Why Apple might kill the “i” forever


Double down indeed. Not one glimpse of the Apple Watch was leaked to the press or even Chinese manufacturers ahead of this week. No one got the name of Apple Pay right. And who could have predicted the Digital Crown as the UI input for smartwatches? Say what you will about the new products, but Steve's secrecy machine is on point like never before.
Has Apple made the right choice to ditch the i-naming scheme for new products? The man who named the iMac thinks so. (Photo: Business Insider)

From books to phones, Apple’s named everything with the same “i” moniker since 1998. With the Apple Watch and Apple Pay, however, it looks like that convention is set to change. 

Cult of Mac reached out to Ken Segall — the former Apple employee who started the tradition with the original iMac — for his surprising reaction to Apple ditching his naming convention for new product categories.
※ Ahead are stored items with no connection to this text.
Lemma quantile_le p x : 0 < p -> p < 1 -> (quantile G p <= x) = (p <= G x).
Proof.
move=> p0 p1; have [Gh Gr G0 G1] := dG.
set S := [set x : R | p <= G x].
have [M [_ GM]] := cvgr_lt _ G0 p p0.
have [y [_ Gy]] := cvgr_gt _ G1 p p1.
have S0 : S !=set0 by exists (y + 1); apply/ltW/Gy; rewrite ltrDl.
have lbS : lbound S (M - 1).
  move=> z Sz; rewrite leNgt; apply/negP => zM.
  have : G z < p by apply: le_lt_trans (Gh _ _ (ltW zM)) (GM _ _); rewrite ltrBlDr ltrDl.
  by rewrite ltNge Sz.
apply/idP/idP => [qx|px]; last by apply: ge_inf => //; exists (M - 1).
suff Gq : p <= G (quantile G p) by apply: le_trans Gq (Gh _ _ qx).
apply: (@ler_cvg_to _ _ _ _ (fun=> p) G _ _ (cvg_cst p) (Gr _)).
near=> z.
have /(inf_lt S0) [w Sw wz] : quantile G p < z by near: z; exact: nbhs_right_gt.
exact: le_trans Sw (Gh _ _ (ltW wz)).
Unshelve. all: by end_near.
Qed.

Lemma quantile_ge p : 0 < p -> p < 1 -> p <= G (quantile G p).
Proof. by move=> p0 p1; rewrite -quantile_le. Qed.

Lemma quantile_homo p p' :
  0 < p -> p <= p' -> p' < 1 -> quantile G p <= quantile G p'.
Proof.
move=> p0 pp' p'1; have p1 := le_lt_trans pp' p'1.
by rewrite quantile_le // (le_trans pp') // quantile_ge // (lt_le_trans p0).
Qed.

Lemma quantile_cont p : continuous G -> 0 < p -> p < 1 -> G (quantile G p) = p.
Proof.
move=> cG p0 p1; apply/le_anti; rewrite quantile_ge // andbT.
apply: (@ler_cvg_to _ _ _ _ G (fun=> p) _ _ (cvg_at_left_filter (cG _)) (cvg_cst p)).
near=> z; apply: ltW; rewrite ltNge -quantile_le // -ltNge.
near: z; exact: nbhs_left_lt.
Unshelve. all: by end_near.
Qed.

End DistributionFunction.

Lemma mixture_distfun (R : realType) (delta : R) (F H : R -> R) :
  is_distfun F -> is_distfun H -> 0 <= delta -> delta <= 1 ->
  is_distfun (mixture delta F H).
Proof.
move=> [Fh Fr F0 F1] [Hh Hr H0 H1] d0 d1.
have mixD (s : set_system R) (Fs : Filter s) u v l :
    F x @[x --> s] --> u -> H x @[x --> s] --> v -> (1 - delta) * u + delta * v = l ->
    mixture delta F H x @[x --> s] --> l.
  by move=> Fu Hv <-; apply: cvgD; apply: cvgM => //; exact: cvg_cst.
split.
- move=> x y xy; rewrite /mixture.
  by apply: lerD; apply: ler_wpM2l; rewrite ?subr_ge0 //; [apply: Fh | apply: Hh].
- by move=> a; exact: mixD.
- by apply: (mixD _ _ _ _ _ F0 H0); rewrite !mulr0 addr0.
- by apply: (mixD _ _ _ _ _ F1 H1); rewrite !mulr1 subrK.
Qed.
Lemma padj_clique_pendants n : 3 <= n -> forall x y, padj n x y =
  (x != y) && [|| x == gyro_id n, y == gyro_id n | (x \in gyro_P n) && (y \in gyro_P n)].
Proof. by move=> n_ge3 x y; rewrite padjE // !inE -!val_eqE. Qed.

Lemma card_gyro_P n : #|gyro_P n| = gm n.
Proof. by apply: card_ord_lt; rewrite leq_exp2l // leq_pred. Qed.

Lemma card_gyro_H n : 0 < n -> #|~: gyro_P n| = gm n.
Proof.
move=> n_gt0; have := cardsC (gyro_P n); rewrite card_gyro_P card_ord => card_G.
by apply/eqP; rewrite -(eqn_add2l (gm n)) card_G -expn_gm.
Qed.

(* [dds_is n] and [ddsD_is n] unfold to [level_profile (walk_dist (padj n))] and
   [level_profile (detour_dist (padj n))]. *)
Section LevelProfile.
Variables (T : finType) (dist : T -> T -> nat -> Prop).

Definition level_profile (u : T) (s : seq nat) : Prop :=
  exists E, ((forall v, exists k, dist u v k /\ k <= E) /\ (exists v, dist u v E)) /\
    s = [seq #|[set v | `[< dist u v k >]]| | k <- iota 0 E.+1].

Lemma level_profile_of u (d : T -> nat) E s :
  (forall v k, dist u v k <-> k = d v) ->
  (forall v, d v <= E) -> (exists v, d v = E) ->
  [seq #|[set v | d v == k]| | k <- iota 0 E.+1] = s -> level_profile u s.
Proof.
move=> distE d_le [w dw] <-; exists E; split; first split.
- by move=> v; exists (d v); rewrite distE.
- by exists w; rewrite distE.
apply/eq_map => k; apply: eq_card => v; rewrite !inE.
by apply/eqP/asboolP => [<-|/distE ->]; rewrite ?distE.
Qed.

Lemma card_level (d : T -> nat) k (A : {set T}) :
  (forall v, (d v == k) = (v \in A)) -> #|[set v | d v == k]| = #|A|.
Proof. by move=> dA; apply: eq_card => v; rewrite inE dA. Qed.

Lemma level_counts_gap (d : T -> nat) a g b :
  (forall v, d v < a \/ a + g <= d v) ->
  [seq #|[set v | d v == k]| | k <- iota 0 (a + g + b)] =
  [seq #|[set v | d v == k]| | k <- iota 0 a] ++ nseq g 0 ++
  [seq #|[set v | d v == k]| | k <- iota (a + g) b].
Proof.
move=> d_gap; rewrite !iotaD !map_cat -catA add0n; congr (_ ++ _ ++ _).
elim: g a d_gap => // g IHg a d_gap /=; rewrite -(IHg a.+1); last first.
  by move=> v; case: (d_gap v); [left|right]; lia.
congr (_ :: _); apply: eq_card0 => v; rewrite !inE.
by apply/eqP => dva; case: (d_gap v); lia.
Qed.

End LevelProfile.

Section Walks.
Variables (T : finType) (e : rel T).

Definition walk_dist (u v : T) (k : nat) : Prop :=
  (exists s, path e u s /\ last u s = v /\ size s = k) /\
  (forall s, path e u s -> last u s = v -> k <= size s).

Definition detour_dist (u v : T) (k : nat) : Prop :=
  (exists s, path e u s /\ uniq (u :: s) /\ last u s = v /\ size s = k) /\
  (forall s, path e u s -> uniq (u :: s) -> last u s = v -> size s <= k).

Lemma walk_dist_uniq u v d : walk_dist u v d -> forall k, walk_dist u v k <-> k = d.
Proof.
move=> dist_d k; split=> [dist_k|->//].
case: dist_d dist_k => [[s [es [ls <-]]] d_min] [[s' [es' [ls' <-]]] k_min].
by apply/eqP; rewrite eqn_leq k_min ?d_min.
Qed.

Lemma detour_dist_uniq u v d :
  detour_dist u v d -> forall k, detour_dist u v k <-> k = d.
Proof.
move=> dist_d k; split=> [dist_k|->//].
case: dist_d dist_k => [[s [es [us [ls <-]]]] d_max] [[s' [es' [us' [ls' <-]]]] k_max].
by apply/eqP; rewrite eqn_leq d_max ?k_max.
Qed.

End Walks.

Lemma uniq_last_head (T : eqType) (u : T) s : uniq (u :: s) -> last u s = u -> s = [::].
Proof.
case: s => // y s /andP[u_notin _] /= lu.
by rewrite -lu mem_last in u_notin.
Qed.

(** * A clique with pendant vertices *)

Section CliqueWithPendants.
Variables (T : finType) (e : rel T) (P : {set T}) (c : T) (p q : nat).
Hypothesis Pc : c \in P.
Hypothesis eE :
  forall x y, e x y = (x != y) && [|| x == c, y == c | (x \in P) && (y \in P)].
Hypothesis card_P : #|P| = p.
Hypothesis card_notP : #|~: P| = q.
Hypothesis p_ge3 : 2 < p.
Hypothesis q_gt0 : 0 < q.

Lemma card_T : #|T| = p + q.
Proof. by rewrite -(cardsC P) card_P card_notP. Qed.

Lemma notP_neq_c x : x \notin P -> x != c.
Proof. by apply: contraNneq => ->. Qed.

Lemma adj_cl x : e c x = (x != c).
Proof. by rewrite eE eqxx /= andbT eq_sym. Qed.

Lemma adj_cr x : e x c = (x != c).
Proof. by rewrite eE eqxx /= orbT andbT. Qed.

Lemma adj_notPl x y : x \notin P -> e x y = (y == c).
Proof.
move=> Px; rewrite eE (negPf (notP_neq_c Px)) (negPf Px) /= orbF.
by case: (y =P c) => [->|_]; rewrite ?andbF ?andbT ?(notP_neq_c Px).
Qed.

Lemma adj_notPr x y : y \notin P -> e x y = (x == c).
Proof.
move=> Py; rewrite eE (negPf (notP_neq_c Py)) (negPf Py) andbF orbF.
by case: (x =P c) => [->|_]; rewrite ?andbF ?andbT // eq_sym (notP_neq_c Py).
Qed.

Lemma adj_P x y : x \in P -> x != c -> e x y = (y != x) && (y \in P).
Proof.
move=> Px xc; rewrite eE (negPf xc) Px eq_sym /=.
by case: (y =P c) => [->|_]; rewrite ?Pc.
Qed.

Lemma path_in_P x s : x \in P -> {subset s <= P} -> uniq (x :: s) -> path e x s.
Proof.
elim: s x => [//|y s IHs] x Px sP /andP[x_notin ys_uniq].
have Py : y \in P by apply: sP; rewrite inE eqxx.
rewrite /= eE Px Py !orbT andbT IHs //; last first.
  by move=> z zs; apply: sP; rewrite inE zs orbT.
by move: x_notin; rewrite inE => /norP[-> _].
Qed.
Definition with_target (v : word) : {ffun 'I_H -> Om guess_mdp} :=
  [ffun i => if val i == l then v else word0].

Lemma ext_with_target (v : word) (t : nat) :
  ext (with_target v) t = if t == l then v else word0.
Proof.
rewrite /ext; case: insubP => [i _ <- | tH]; first by rewrite ffunE.
by case: eqP => // tl; move: tH; rewrite tl lH.
Qed.

Lemma prod_prob_guess (w : {ffun 'I_H -> Om guess_mdp}) :
  \prod_(i < H) prob guess_mdp i (w i)
    = if w == with_target (w l0) then nwords^-1 else 0.
Proof.
rewrite (bigD1 l0) //= eqxx; case: eqP => [-> | not_target].
  rewrite big1 ?mulr1 // => i /eqP il0; rewrite ffunE.
  by case: eqP => [il | _]; [case: il0; apply/val_inj | rewrite eqxx].
have [i] : exists i, w i != with_target (w l0) i.
  apply/existsP; apply: contraT; rewrite negb_exists => /forallP same.
  by case: not_target; apply/ffunP => i; apply/eqP/negPn/same.
move=> wi; have il : val i != l.
  by apply: contraNneq wi => il; rewrite ffunE il eqxx (_ : i = l0) //; exact: val_inj.
have wi0 : w i != word0 by move: wi; rewrite ffunE (negbTE il).
have il0 : i != l0 by apply: contraNneq il => ->.
by rewrite (bigD1 i) //= (negbTE il) (negbTE wi0) mul0r mulr0.
Qed.

Lemma value_guess (s1 : word) (pi : policy guess_mdp) :
  value H s1 pi
    = nwords^-1 * #|[set v : word | state s1 pi (ext (with_target v)) l == v]|%:R.
Proof.
rewrite /value (partition_big (fun w : {ffun 'I_H -> Om guess_mdp} => w l0) predT) //.
rewrite -sum1_card natr_sum [in RHS]big_mkcond mulr_sumr; apply: eq_bigr => v _.
have target_l0 : with_target v l0 = v by rewrite ffunE /= eqxx.
rewrite (bigD1 (with_target v)); last by rewrite target_l0 eqxx.
rewrite prod_prob_guess target_l0 eqxx big1 => [|w /andP [/eqP wl0 ne]]; last first.
  by rewrite prod_prob_guess wl0 (negbTE ne) mul0r.
rewrite [LHS]addr0 ret_guess ext_with_target eqxx inE.
by case: eqP.
Qed.

Lemma card_hits_batching (s1 : word) (pi : policy guess_mdp) B :
  (0 < B)%N -> batching_policy H B s1 pi ->
  (#|[set v : word | state s1 pi (ext (with_target v)) l == v]|
     <= A ^ (l - l %/ B * B))%N.
Proof.
move=> B0 piB; set T := (l %/ B * B)%N.
have Tl : (T <= l)%N := leq_divM l B.
have blind v : state s1 pi (ext (with_target v)) T
             = state s1 pi (ext (with_target word0)) T.
  apply: batching_state_eq B0 piB _ _ (leqnn _) => t tT.
  by rewrite !ext_with_target (ltn_eqF (leq_trans tT Tl)).
have one_start : (#|[set state s1 pi (ext (with_target v)) T | v : word]| <= 1)%N.
  rewrite -(cards1 (state s1 pi (ext (with_target word0)) T)).
  by apply/subset_leq_card/subsetP => _ /imsetP [v _ ->]; rewrite blind set11.
apply: (@leq_trans
  #|[set state s1 pi (ext (with_target v)) (T + (l - T)) | v : word]|).
  apply/subset_leq_card/subsetP => v; rewrite inE subnKC // => /eqP hit.
  by apply/imsetP; exists v.
have := card_states_shift (fun v : word => ext (with_target v)) s1 pi T (l - T)
          guess_mdp_deterministic.
rewrite card_ord => /leq_trans; apply.
by rewrite -[X in (_ <= X)%N]mul1n leq_mul2r one_start orbT.
Qed.

End Horizon.

Lemma guess_value_bound B : (1 <= B <= l)%N ->
  nwords^-1 * (A ^ (l - l %/ B * B))%:R <= powR (A%:R : R) (1 - l%:R / 2).
Proof.
move=> /ltn_divM_double; have := leq_divM l B.
move: (l %/ B * B)%N => T Tl lT.
have splitA : (A ^ l'.+1 = A ^ (l - T) * A ^ (T - 1))%N by rewrite -expnD; congr expn; lia.
rewrite nwordsE splitA natrM invfM mulrAC mulVf ?mul1r ?pnatr_eq0 ?expn_eq0 //.
rewrite natrX -powR_mulrn ?ler0n // -powRN ler_powR ?ler1n // natrB; last lia.
have : (l%:R : R) < 2 * T%:R by rewrite -natrM ltr_nat mul2n.
lra.
Qed.
End GuessingMdp.

Theorem claim1 (R : realType) (l A H : nat) :
  (2 <= l)%N -> (2 <= A)%N -> (l.+1 <= H)%N ->
  exists (S Ac : finType) (M : mdp R S Ac) (s1 : S),
    [/\ #|Ac| = A /\ (#|S| <= 1 + A ^ l)%N, valid_mdp M H, deterministic M,
        (forall B, (1 <= B <= l)%N -> forall pi : policy M,
           batching_policy H B s1 pi ->
           value H s1 pi <= powR (A%:R : R) (1 - l%:R / 2)) &
        (exists pi : policy M, lookahead_policy H l s1 pi /\ 1 / 2 < value H s1 pi)].
Proof.
case: l => [|[|l']] // _; case: A => [|[|A']] // _ lH.
exists (word l' A'), 'I_A'.+2, (guess_mdp R l' A'), (word0 l' A'); split.
- rewrite card_ord card_ffun !card_ord; split=> //.
  by rewrite (leq_trans _ (leq_addl _ _)) // leq_exp2l.
- exact: guess_mdp_valid.
- exact: guess_mdp_deterministic.
- move=> B B1l pi piB; rewrite (value_guess lH).
  apply: le_trans (guess_value_bound R A' B1l); rewrite ler_wpM2l ?invr_ge0 ?ler0n //.
  by rewrite ler_nat (card_hits_batching lH) //; case/andP: B1l.
- exists (@copy_target R l' A'); split; first exact: copy_target_lookahead.
  by rewrite value_copy_target // ltr_pdivrMr // mul1r ltr1n.
Qed.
“There has long been debate inside Apple about the i,” Segall says. “To some, its time had passed years ago — but given the strength of that branding element, it was tough to walk away from.”

As Segall explains, when he first came up with the name iMac the i stood for “Internet,” although it could also mean “imagination,” “individual,” “inspire” and “instruct.” Until he was talked out of it, Steve Jobs had planned to call the iMac the MacMan.

The i was always slightly problematic for Apple, however, since other companies were using it. An Israeli company called InfoGear copyrighted the name iPhone in 1996, more than a decade before Apple debuted its handset. InfoGear was later acquired by Cisco which threatened litigation when Apple announced its iPhone. (The case was settled out of court.)

With the i brand having had its time in the sun, Segall says that he sees the value in Apple using its own name (one of the world’s most valuable brands) to sell products going forward.

“It does make sense that Apple would want to shift to something that can’t be hijacked, and actually pays off the master brand more directly,” he says. “The use of the logo in the name [Apple Watch] is pretty cool.”

With regards to whether he ever got credit for the i-naming after the iMac, Segall notes that, “It is what it is, really. My contribution was the first i-word, which we did believe had value as a foundation for future naming. We quickly applied the i to iBook, iMovie, iPhoto, etc.”

“To be honest, none of us — including Steve Jobs — were thinking ahead to a time when Apple would get into the consumer electronics biz.  It all happened in a very organic way, one step at a time. Nobody gets any kind of ‘credit’ for such things — nor should they — but the history is there if anyone ever cares to look.”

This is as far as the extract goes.